Way to go, Microsoft!
(By the way, I have of course also now turned off the automatic install option, as it’s insane to let anyone just drop stuff into your operating system without at least some chance at review. Once again I am reminded of a mantra I’ve had since at least Windows 95: Whatever default behavior Microsoft settles on, it’s the wrong one. We could call their philosophy “default-to-fail”.)
Via Ezra Klein, a wll-argued piece by Timothy Lee on the recent flap over the forced resignation of Dave Weigel from The Washington Post. If none of those names mean anything to you, then this is unlikely to be very interesting… Lee’s thesis is that reportorial objectivity is more a function of the economies of scale of a major newspaper than any unquestionable principle of High Journalism. And now that the economics of reporting have shifted, so too must our understanding of what is appropriate.
And yes, I didn’t link to the Post because I happen to think they’re wrong on this one and I’m just petty enough to deny them the infinitesimal traffic I might contribute.
This is an excellent TED talk about what intellectual property people can learn from the fashion industry.

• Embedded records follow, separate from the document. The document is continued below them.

Lemma le_abs x : le x (abs x). Proof. apply sup_l. Qed.
Lemma le_abs_opp x : le (opp x) (abs x). Proof. apply sup_r. Qed.
Lemma absZ (c : R) x : 0 < c -> abs (scal c x) = scal c (abs x).
Proof. intro. unfold abs. rewrite <- scalNr. now apply supZr. Qed.
Lemma abs_ge0 x : le zr (abs x).
Proof.
  rewrite <- (scal_half2 _ (abs x)). apply le_scal; [lra|].
  rewrite <- (addN _ x). apply le_add2; [apply le_abs|apply le_abs_opp].
Qed.
Lemma abs_id x : le zr x -> abs x = x.
Proof.
  intro H. symmetry; apply sup_unique; [apply le_refl| |auto].
  apply le_trans with zr; auto. rewrite <- opp0. now apply le_opp.
Qed.
Lemma scal_le_abs (c : R) x : -1 <= c <= 1 -> le (scal c x) (abs x).
Proof.
  intro Hc. destruct (Rle_or_lt 0 c) as [H|H].
  - apply le_trans with (scal c (abs x)); [now apply le_scal2r, le_abs|].
    rewrite <- (scal1 _ (abs x)) at 2. apply le_scal2l; [lra|apply abs_ge0].
  - replace c with (- - c) by ring. rewrite scalNl, <- scalNr.
    apply le_trans with (scal (- c) (abs x)); [apply le_scal2r; [lra|apply le_abs_opp]|].
    rewrite <- (scal1 _ (abs x)) at 2. apply le_scal2l; [lra|apply abs_ge0].
Qed.

Lemma meet_abs x y : meet x y = scal (/2) (sub (add x y) (abs (sub x y))).
Proof.
  set (m := scal (/2) (add x y)). set (d := scal (/2) (sub x y)).
  assert (Hx : x = add d m).
  { unfold d, m. rewrite <- scalDr. unfold sub.
    rewrite addACA, addNr, addr0. now rewrite scal_half2. }
  assert (Hy : y = add (opp d) m).
  { unfold d, m. rewrite <- scalNr, <- scalDr, oppB. unfold sub.
    rewrite (addC _ x y), addACA, addNr, addr0. now rewrite scal_half2. }
  rewrite Hx at 1. rewrite Hy at 1. rewrite meetDr.
  replace (meet d (opp d)) with (opp (abs d)) by (unfold meet, abs; now rewrite oppK, supC).
  unfold d, m. rewrite absZ by lra. unfold sub.
  rewrite (scalDr _ _ (add x y)), scalNr, addC. reflexivity.
Qed.
Lemma cnot_index_inj n : injective (@cnot_index n).
Proof.
move=> r s; rewrite -[r]mxtens_unindexK -[s]mxtens_unindexK.
case: (mxtens_unindex r) (mxtens_unindex s) => [i j] [k l].
rewrite !cnot_indexE => /(can_inj (@mxtens_indexK _ _))/eqP.
by rewrite xpair_eqE => /andP[/eqP <- /eqP/addIr ->].
Qed.

Definition cnot n : 'S_(n.+1 * n.+1) := perm (@cnot_index_inj n).

Definition maxcorr n (rho : 'M[C]_n) : 'M[C]_(n * n) :=
  \matrix_(r, s) let: (i, j) := mxtens_unindex r in let: (k, l) := mxtens_unindex s in
    ((i == j) && (k == l))%:R * rho i k.

Lemma maxcorrE n (rho : 'M[C]_n) i j k l :
  maxcorr rho (mxtens_index (i, j)) (mxtens_index (k, l)) = ((i == j) && (k == l))%:R * rho i k.
Proof. by rewrite mxE !mxtens_indexK. Qed.

Lemma cnot_tens_delta n (rho : 'M[C]_n.+1) :
  kraus_apply (fun _ : 'I_1 => perm_mx (cnot n)) (rho *t delta_mx 0 0) = maxcorr rho.
Proof.
rewrite kraus_apply_perm; apply/matrixP => r s.
rewrite -[r]mxtens_unindexK -[s]mxtens_unindexK.
case: (mxtens_unindex r) (mxtens_unindex s) => [i j] [k l].
by rewrite maxcorrE mxE !permE !cnot_indexE tensmxE mxE !subr_eq0 mulrC (eq_sym i) (eq_sym k).
Qed.

Lemma sum_delta_mul n (F : 'I_n -> C) i : \sum_j (i == j)%:R * F j = F i.
Proof.
rewrite (bigD1 i) //= eqxx mul1r big1 ?addr0 // => j /negbTE ij.
by rewrite eq_sym ij mul0r.
Qed.

Lemma mxtrace_tens_maxcorr n (M N rho : 'M[C]_n) :
  \tr ((M *t N) *m maxcorr rho) = \sum_i \sum_k M i k * N i k * rho k i.
Proof.
rewrite /mxtrace big_tens; apply: eq_bigr => i _.
have e j k l : (M *t N) (mxtens_index (i, j)) (mxtens_index (k, l)) *
    maxcorr rho (mxtens_index (k, l)) (mxtens_index (i, j)) =
    (i == j)%:R * ((k == l)%:R * (M i k * N j l * rho k i)).
  by rewrite tensmxE maxcorrE -mulnb natrM; ring.
under eq_bigr do rewrite mxE big_tens.
under eq_bigr do under eq_bigr do under eq_bigr do rewrite e.
under eq_bigr do under eq_bigr do rewrite -mulr_sumr sum_delta_mul.
by under eq_bigr do rewrite -mulr_sumr; rewrite sum_delta_mul.
Qed.
Lemma Y_rec i g : (0 < i < n)%N -> Y i g = sc n tt^-1 * T i (Y i.+1 (T i g)).
Proof.
move=> i_in; rewrite /Y; have -> : (n - i = (n - i.+1).+1)%N by lia.
rewrite /= (iota1_rcons i); last by lia.
rewrite map_rcons -cats1 -[in RHS]cat_cons [in RHS]catA opprod_cat opprod_seq1 TK //.
by rewrite opprod_cons T_mul_sfixed ?s_sc // mulrA -rmorphM exprS invfM.
Qed.

Lemma Tinv_omega_rec i g : (0 < i < n)%N ->
  Tinv_omega i n g = Tinv i (Tinv_omega i.+1 n (T i g)).
Proof.
move=> i_in; rewrite /Tinv_omega; have -> : (n - i = (n - i.+1).+1)%N by lia.
rewrite /= (iota1_rcons i); last by lia.
by rewrite map_rcons -cats1 -[in RHS]cat_cons [in RHS]catA opprod_cat opprod_seq1 TK.
Qed.

Lemma Tij_invE i j h : Tij_inv i j h =
  opprod (map (@Tinv n) (iota i (j.-1 - i)))
    (Tinv j.-1 (opprod (rev (map (@Tinv n) (iota i (j.-1 - i)))) h)).
Proof. by rewrite /Tij_inv opprod_cat opprod_cons. Qed.

Lemma Tij_inv_succ i h : Tij_inv i i.+1 h = Tinv i h.
Proof. by rewrite Tij_invE subnn. Qed.

Lemma Tij_inv_rec i j h : (i.+1 < j)%N ->
  Tij_inv i j h = Tinv i (Tij_inv i.+1 j (Tinv i h)).
Proof.
move=> ij; rewrite !Tij_invE; have -> : (j.-1 - i = (j.-1 - i.+1).+1)%N by lia.
by rewrite /= rev_cons -cats1 opprod_cat opprod_seq1 opprod_cons.
Qed.

Lemma Tij_inv_sc i j a h : (0 < i)%N -> (i < j <= n)%N ->
  Tij_inv i j (sc n a * h) = sc n a * Tij_inv i j h.
Proof.
move=> i_gt0 j_in.
have A_in : all (fun k => 0 < k < n)%N (iota i (j.-1 - i)) by apply: iota_inner; lia.
rewrite !Tij_invE -map_rev Tinvs_sc ?all_rev // Tinv_mul_sfixed ?s_sc ?Tinvs_sc //; lia.
Qed.

Lemma iota_rcons_last i : (i < n)%N -> iota i (n - i) = rcons (iota i (n.-1 - i)) n.-1.
Proof.
move=> i_lt; have -> : (n - i = (n.-1 - i).+1)%N by lia.
by rewrite iota_rcons; congr rcons; lia.
Qed.
(* If $X$ is a connected, locally $\mathfrak{c}$, sequential Hausdorff space, then $|X|\le\mathfrak{c}$.
   Context: A space $X$ is locally $\mathfrak{c}$ if every point of $X$ has a neighbourhood of cardinality $\le\mathfrak{c}$. *)

From HB Require Import structures.
From mathcomp Require Import all_boot all_order all_algebra.
From mathcomp Require Import all_classical all_reals all_analysis.
Set Implicit Arguments. Unset Strict Implicit. Unset Printing Implicit Defensive.
Local Open Scope classical_set_scope.

(* The continuum c = 2^aleph_0, represented by the power set of nat. *)
Definition continuum_set : set (set nat) := [set: set nat].

Definition seq_closed (X : topologicalType) (A : set X) : Prop :=
  forall (u : nat -> X) (x : X), (forall n, A (u n)) -> u @ \oo --> x -> A x.

Definition sequential_space (X : topologicalType) : Prop :=
  forall A : set X, seq_closed A -> closed A.

Definition locally_continuum (X : topologicalType) : Prop :=
  forall x : X, exists N : set X, nbhs x N /\ (N #<= continuum_set)%card.

From HB Require Import structures.
From mathcomp Require Import all_boot all_order all_algebra.
From mathcomp Require Import all_classical all_reals all_analysis.
Set Implicit Arguments.
Unset Strict Implicit.
Unset Printing Implicit Defensive.

Local Open Scope classical_set_scope.
Local Open Scope card_scope.

(* Fix a point x0 and, around every x, a neighbourhood N x injectively labelled
   by subsets of nat.  Build a set of points by transfinite recursion: start from
   x0, move from a point x to any point of N x (named by its label), and pass to
   limits of sequences.  The points reached form an open set (every N x is
   reached from x) which is sequentially closed (Hausdorff limits are unique),
   hence clopen since X is sequential, hence all of X by connectedness.  Each
   point is thus the value of a well-founded countably branching tree with labels
   in the continuum, and there are at most continuum many such trees. *)

Inductive seq_tree :=
  | Root
  | Step of seq_tree & set nat
  | Limit of (nat -> seq_tree).

Fixpoint tag_at (t : seq_tree) (p : seq nat) (c : nat) : Prop :=
  match t with
  | Root => p = [::] /\ c = 0
  | Step t s =>
      match p with
      | [::] => c = 1 \/ exists2 k, c = k.+3 & s k
      | 0 :: q => tag_at t q c
      | _ => False
      end
  | Limit f => if p is n :: q then tag_at (f n) q c else c = 2
  end.

Definition tree_kind (t : seq_tree) : nat :=
  match t with Root => 0 | Step _ _ => 1 | Limit _ => 2 end.

Lemma tag_at_kind (t : seq_tree) : tag_at t [::] (tree_kind t).
Proof. by case: t => /=; auto. Qed.

Lemma tag_at_root {t : seq_tree} {c : nat} :
  tag_at t [::] c -> c <= 2 -> c = tree_kind t.
Proof. by case: t => [[]|t s [|[k ->]]|f] //= ->. Qed.

Lemma tag_at_inj (t1 t2 : seq_tree) :
  (forall p c, tag_at t1 p c <-> tag_at t2 p c) -> t1 = t2.
Proof.
elim: t1 t2 => [|t IH s|f IH] t2 E;
  have := tag_at_root ((E _ _).1 (tag_at_kind _)) isT; case: t2 E => //.
- move=> t' s' E _; congr Step; first by apply: IH => q c; exact: E (0 :: q) c.
  apply/funext => k; apply/propext.
  have [Ek Ek'] := E [::] k.+3; split => sk.
  + by case: (Ek (or_intror (ex_intro2 _ _ k erefl sk))) => // -[j [->]].
  + by case: (Ek' (or_intror (ex_intro2 _ _ k erefl sk))) => // -[j [->]].
- move=> f' E _; congr Limit; apply/funext => n.
  by apply: IH => q c; exact: E (n :: q) c.
Qed.

Definition tree_code (t : seq_tree) : set nat :=
  pickle @` [set pc : seq nat * nat | tag_at t pc.1 pc.2].

Lemma tree_code_inj : injective tree_code.
Proof.
have tag_at_code t1 t2 p c : tree_code t1 = tree_code t2 ->
    tag_at t1 p c -> tag_at t2 p c.
  move=> E t1pc; have : tree_code t2 (pickle (p, c)) by rewrite -E; exists (p, c).
  by case=> -[p' c'] /= t2pc /(pcan_inj pickleK) [<- <-].
by move=> t1 t2 E; apply: tag_at_inj => p c; split; apply: tag_at_code.
Qed.

Lemma card_seq_tree : [set: seq_tree] #<= continuum_set.
Proof. by apply/pcard_leP/injfunPex; exists tree_code => // t1 t2 _ _ /tree_code_inj. Qed.

Lemma connected_clopenT (X : topologicalType) (A : set X) :
  connected [set: X] -> A !=set0 -> open A -> closed A -> A = [set: X].
Proof.
by move=> conX A0 oA cA; apply: conX => //; exists A => //; rewrite setTI.
Qed.

Section SequentialReach.
Variables (X : topologicalType) (x0 : X).
Variables (nbhd : X -> set X) (label : X -> X -> set nat).
Hypothesis nbhd_nbhs : forall x, nbhs x (nbhd x).
Hypothesis label_inj : forall x, set_inj (nbhd x) (label x).

Definition step (x : X) (s : set nat) : X :=
  xget x [set z | nbhd x z /\ label x z = s].

Fixpoint reach (t : seq_tree) : X :=
  match t with
  | Root => x0
  | Step t s => step (reach t) s
  | Limit f => xget x0 [set y | (fun n => reach (f n)) @ \oo --> y]
  end.

Lemma step_label (x z : X) : nbhd x z -> step x (label x z) = z.
Proof.
move=> xz; apply: xget_unique => [//|w [xw lw]].
by apply: (@label_inj x) lw; rewrite inE.
Qed.

Lemma reach_Limit (f : nat -> seq_tree) (y : X) : hausdorff_space X ->
  (fun n => reach (f n)) @ \oo --> y -> reach (Limit f) = y.
Proof. by move=> hsdX fy; apply: xget_subset1 => //; exact: cvg_unique. Qed.

Lemma open_range_reach : open (range reach).
Proof.
rewrite openE => _ [t _ <-]; apply: filterS (@nbhd_nbhs (reach t)) => z tz.
by exists (Step t (label (reach t) z)) => //=; rewrite step_label.
Qed.

Lemma seq_closed_range_reach : hausdorff_space X -> seq_closed (range reach).
Proof.
move=> hsdX u y ru uy.
have ru' n : exists t, reach t = u n by have [t _ <-] := ru n; exists t.
have [f fu] := choice ru'.
by exists (Limit f) => //; apply: reach_Limit => //; rewrite (funext fu).
Qed.

End SequentialReach.

Theorem corollary4p4 (X : topologicalType) :
  connected [set: X] -> locally_continuum X -> sequential_space X ->
  hausdorff_space X -> ([set: X] #<= continuum_set)%card.
Proof.
move=> conX locX seqX hsdX.
have [->|/set0P [x0 _]] := eqVneq [set: X] set0; first exact: card_ge0.
have labelled (x : X) : exists NL : set X * (X -> set nat),
    nbhs x NL.1 /\ set_inj NL.1 NL.2.
  have [N [xN /pcard_leP/injfunPex [g _ gN]]] := locX x.
  by exists (N, g).
have [NL NLP] := choice labelled.
pose rch := reach x0 (fun x => (NL x).1) (fun x => (NL x).2).
have rchT : range rch = [set: X].
  apply: connected_clopenT => //; first by exists x0, Root.
  - exact: open_range_reach (fun x : X => (NLP x).1) (fun x : X => (NLP x).2).
  - by apply: seqX; apply: seq_closed_range_reach.
have /Psurj [g _] : set_surj [set: seq_tree] [set: X] rch by rewrite -rchT.
exact: card_le_trans (surj_card_ge g) card_seq_tree.
Qed.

In essence, there is no IP protection in fashion (except for trademark), and yet its economic impact dwarfs highly-protected fields like music or film. икони
I was cruising TechDirt and saw a neat post on “Is The Federal Government The Most Interesting Tech Startup For 2009?“ The idea is that the recent data.gov initiative has led to an outpouring of with-it and effective apps allowing anyone to get a handle on the vast trove of information compiled by the federal government. If you haven’t checked out data.gov, give it a whirl — it’s pretty astounding. After a week of hearing about ludicrous claims of “death panels” and “keeping government’s hands off my (government-run) Medicare”, it was nice to be reminded that good people working hard can produce tremendous work — that government can serve a positive purpose and isn’t intrinsically evil, corrupt, or incompetence.
Some of the nifty apps I saw (via the techdirt link) were
This We Know: Info on communities and towns, all in one place.
Fly On Time: A tool to find the most on-time route between two cities.
This isn’t quite the level of Star Trek (“Computer, rearrange known data into a new theory of physics”) but it’s a step in the right direction. And if the survival of democracy requires the active participation of an educated and engaged citizenry, then cataloging what is actually known can help secure the health of our republic. For all the noise and thunder of the 24-hour news cycle, this is where the action really is.